Die Nachfahren der jüdischen Familie Simson aus Thüringen wehren sich dagegen, dass die AfD die gleichnamige Moped-Marke vereinnahmt. «Wir empfinden jegliche Verbindung mit der AfD als abstoßend und als eine Beleidigung unseres Namens», teilte der Sprecher der heute in den USA lebenden Familie, Dennis Baum, der Deutschen Presse-Agentur mit. «Meine Familie und ich lehnen extremistische Ideologien entschieden ab und wollen die Inbesitznahme unseres Namens durch die AfD nicht hinnehmen.»

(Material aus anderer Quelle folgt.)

(* Let $\chi\in M_{\mathbb{R}}$ with $r(\chi)=r$, and let $\lambda$ be a cocharacter of $SG(d)$ with $\chi\in F_r(\lambda)$. Then there exist $c\in\mathbb{R}$ and coefficients $c_\beta$ for $\beta\in\mathcal{W}$ with \[c_\beta=0 \text{ if } \langle\lambda,\beta\rangle<0,\qquad c_\beta=-r \text{ if } \langle\lambda,\beta\rangle>0,\qquad c_\beta\in[-r,0]\text{ if }\langle\lambda,\beta\rangle=0,\] such that $\chi=\sum_{\beta\in\mathcal{W}}c_\beta\beta+c\tau_d$. Conversely, every $\chi\in r\mathbb{W}$ of this form lies on $F_r(\lambda)$. Consequently, if $\mu$ is a cocharacter of $SG(d)$ with $F_r(\mu)\subset F_r(\lambda)$, then $\mu\ge\lambda$. Moreover, if $\chi\in F_r(\lambda)^{\mathrm{int}}$, then the coefficients $c_\beta$ with $\langle\lambda,\beta\rangle=0$ can be chosen in $(-r,0]$.
   Context: Let $Q=(I,E)$ be a symmetric quiver (for all $i,j\in I$ the number of arrows $i\to j$ equals the number of arrows $j\to i$), with source and target maps $s,t$. Fix $d\in\mathbb{N}^I$ and let $R(d)=\bigoplus_{a\in E}\mathrm{Hom}(\mathbb{C}^{d_{s(a)}},\mathbb{C}^{d_{t(a)}})$ with $G(d)=\prod_i GL(d_i)$ acting by conjugation. Standing assumption: the subquiver of $Q$ on the vertices $i$ with $d_i\neq0$ is connected and is not the quiver with one vertex and no arrows. Let $M=\bigoplus_{i\in I,1\le j\le d_i}\mathbb{Z}\beta^i_j$ be the weight lattice of the diagonal torus $T(d)$, $M_{\mathbb{R}}=M\otimes\mathbb{R}$, $N$ the dual (coweight) lattice, $\langle\,,\rangle$ the pairing. Let $\mathcal{W}$ be the multiset of $T(d)$-weights of $R(d)$ (for each arrow $a:i\to j$ and $x\le d_i$, $y\le d_j$, the weight $\beta^j_y-\beta^i_x$). Let $\tau_d=(\sum_{i,j}\beta^i_j)/(\sum_i d_i)$ and $\mathbb{W}=\sum_{\beta\in\mathcal{W}}[0,\beta]+\mathbb{R}\tau_d\subset M_{\mathbb{R}}$ (Minkowski sum). For $\chi\in M_{\mathbb{R}}$, $r(\chi)$ is the smallest $r\ge0$ with $\chi\in r\mathbb{W}$. A cocharacter of $SG(d)$ (the kernel of the product of determinants) means here an element $\lambda\in N$ with $\langle\lambda,\sum_{i,j}\beta^i_j\rangle=0$. Set $N^{\lambda>0}:=\sum_{\beta\in\mathcal{W},\,\langle\lambda,\beta\rangle>0}\beta$. For $r\ge0$ let $H_r(\lambda)=\{\psi\in M_{\mathbb{R}}:\langle\lambda,\psi\rangle+r\langle\lambda,N^{\lambda>0}\rangle=0\}$ and $F_r(\lambda)=H_r(\lambda)\cap r\mathbb{W}$. Write $\mu\ge\lambda$ if every $\beta\in\mathcal{W}$ with $\langle\lambda,\beta\rangle>0$ satisfies $\langle\mu,\beta\rangle>0$, and $\mu>\lambda$ if $\mu\ge\lambda$ but not $\lambda\ge\mu$. Let $F_r(\lambda)^{\mathrm{int}}:=F_r(\lambda)\setminus\bigcup_{\mu>\lambda}F_r(\mu)$. *)

From HB Require Import structures.
From mathcomp Require Import all_boot all_order all_algebra.
From mathcomp Require Import reals.
Set Implicit Arguments.
Unset Strict Implicit.
Unset Printing Implicit Defensive.
Import Order.TTheory GRing.Theory Num.Theory.
Local Open Scope ring_scope.

Section QuiverWeights.
Variables (R : realType) (I E : finType) (s t : E -> I) (d : I -> nat).

Definition symmetric_quiver : Prop :=
  forall i j : I, #|[pred a | (s a == i) && (t a == j)]|%N =
                  #|[pred a | (s a == j) && (t a == i)]|%N.

Definition supp (i : I) : bool := d i != 0%N.
Definition supp_adj : rel I := fun i j =>
  [&& supp i, supp j &
      [exists a, ((s a == i) && (t a == j)) || ((s a == j) && (t a == i))]].

(** Standing assumption: the full subquiver on {i | d_i <> 0} is (nonempty and)
    connected, and is not the quiver with one vertex and no arrows. *)
Definition standing_assumption : Prop :=
  [/\ exists i, supp i,
      forall i j, supp i -> supp j -> connect supp_adj i j
    & ~ (exists i, (forall j, supp j -> j = i) /\
                   (forall a : E, ~ (s a = i /\ t a = i)))].

(** Index set of the basis beta^i_j of M: pairs (i, j) with j < d_i. *)
Local Notation K := {i : I & 'I_(d i)}.
(** Index set of the multiset W: (a, x, y) with x < d_{s a}, y < d_{t a}. *)
Local Notation Wi := {a : E & ('I_(d (s a)) * 'I_(d (t a)))%type}.

(** Elements of M_R are functions K -> R, elements of N are functions K -> int. *)
Definition pairing (l : K -> int) (v : K -> R) : R :=
  \sum_(k : K) (l k)%:~R * v k.

(** The weight beta^{t a}_y - beta^{s a}_x attached to b = (a, x, y). *)
Definition wsrc (b : Wi) : K := Tagged (fun i => 'I_(d i)) (tagged b).1.
Definition wtgt (b : Wi) : K := Tagged (fun i => 'I_(d i)) (tagged b).2.
Definition wt (b : Wi) : K -> R :=
  fun k => (k == wtgt b)%:R - (k == wsrc b)%:R.

(** tau_d = (sum_{i,j} beta^i_j) / (sum_i d_i). *)
Definition tau : K -> R := fun _ => ((\sum_(i : I) d i)%N)%:R^-1.

(** Cocharacters of SG(d): <lambda, sum beta^i_j> = 0. *)
Definition SG_cochar (l : K -> int) : Prop := \sum_(k : K) l k = 0.

(** The polytope-plus-line bW = sum_{beta in W} [0, beta] + R tau_d. *)
Definition in_bW (w : K -> R) : Prop :=
  exists (tt : Wi -> R) (c : R), (forall b, 0 <= tt b <= 1) /\
    forall k, w k = \sum_(b : Wi) tt b * wt b k + c * tau k.

Definition in_rbW (r : R) (v : K -> R) : Prop :=
  exists w, in_bW w /\ forall k, v k = r * w k.

Definition r_of_is (chi : K -> R) (r : R) : Prop :=
  [/\ 0 <= r, in_rbW r chi & forall r', 0 <= r' -> in_rbW r' chi -> r <= r'].

Definition Npos (l : K -> int) : K -> R :=
  fun k => \sum_(b : Wi | 0 < pairing l (wt b)) wt b k.

Definition in_H (r : R) (l : K -> int) (psi : K -> R) : Prop :=
  pairing l psi + r * pairing l (Npos l) = 0.

Definition in_F (r : R) (l : K -> int) (psi : K -> R) : Prop :=
  in_H r l psi /\ in_rbW r psi.

Definition cochar_ge (mu l : K -> int) : Prop :=
  forall b : Wi, 0 < pairing l (wt b) -> 0 < pairing mu (wt b).
Definition cochar_gt (mu l : K -> int) : Prop :=
  cochar_ge mu l /\ ~ cochar_ge l mu.

Definition in_Fint (r : R) (l : K -> int) (psi : K -> R) : Prop :=
  in_F r l psi /\ forall mu, SG_cochar mu -> cochar_gt mu l -> ~ in_F r mu psi.

Definition of_form (strict : bool) (r : R) (l : K -> int) (chi : K -> R) : Prop :=
  exists (cb : Wi -> R) (c : R),
    [/\ forall b, pairing l (wt b) < 0 -> cb b = 0,
        forall b, 0 < pairing l (wt b) -> cb b = - r,
        forall b, pairing l (wt b) = 0 ->
                  (if strict then - r < cb b else - r <= cb b) /\ cb b <= 0
      & forall k, chi k = \sum_(b : Wi) cb b * wt b k + c * tau k].

End QuiverWeights.

(* Write chi = sum_beta x_beta beta + c tau_d with 0 <= x_beta <= r.  Pairing
   with lambda, the equation of H_r(lambda) says that x minimises the linear
   form x |-> sum_beta x_beta <lambda, beta> over the box [0, r]^W, which forces
   x_beta = r where <lambda, beta> < 0 and x_beta = 0 where <lambda, beta> > 0.
   As Q is symmetric, beta |-> -beta permutes W, and c_beta := -x_(-beta) is the
   required form.  Testing F_r(mu) subset F_r(lambda) on the point
   sum_(<mu,beta> < 0) r beta of F_r(mu) gives mu >= lambda.
   In the interior case, let c_beta = -r with <lambda, beta> = 0.  Either the
   coefficients can be moved along a cycle of weights in ker lambda through
   beta so as to raise c_beta, or the vertices reachable from the target of
   beta form a cut S, and refining lambda by the indicator of S yields a
   cocharacter mu > lambda with chi in F_r(mu).  Iterated midpoints of the
   coefficient vectors obtained for the various beta are strict everywhere. *)

From Pilot Require Import Defs.
From HB Require Import structures.
From mathcomp Require Import all_boot all_order all_algebra.
From mathcomp Require Import reals ring lra zify.
Import Order.TTheory GRing.Theory Num.Theory.
Local Open Scope ring_scope.
Set Implicit Arguments.
Unset Strict Implicit.
Unset Printing Implicit Defensive.

Lemma sumr_mul_delta (T : finType) (R : pzRingType) (F : T -> R) (y : T) :
  \sum_x F x * (x == y)%:R = F y.
Proof.
rewrite (bigD1 y) //= eqxx mulr1 big1 ?addr0 // => x /negbTE ->.
by rewrite mulr0.
Qed.

Lemma sumr_delta_mul (T : finType) (R : pzRingType) (F : T -> R) (y : T) :
  \sum_x (x == y)%:R * F x = F y.
Proof.
rewrite (bigD1 y) //= eqxx mul1r big1 ?addr0 // => x /negbTE ->.
by rewrite mul0r.
Qed.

Die zu DDR-Zeiten in Suhl produzierten Mopeds der Marke Simson, etwa die Schwalbe oder die S51, sind für viele Liebhaber Kult. AfD-Politiker wie der thüringische Landeschef Björn Höcke nutzen sie als politisches Symbol. In mehreren ostdeutschen Landtagen drang die AfD darauf, die Simson als immaterielles Kulturerbe schützen zu lassen. Sie stehe «für Freiheit, Unabhängigkeit und Individualität», hieß es etwa in einem Antrag der AfD in Brandenburg.
Baum erklärte, die Familie empfinde es als beleidigend, im Zusammenhang mit einer Partei genannt zu werden, die «überwiegend extremistisch» sei. Der Name Simson dürfe unter keinen Umständen zum Symbol der AfD werden.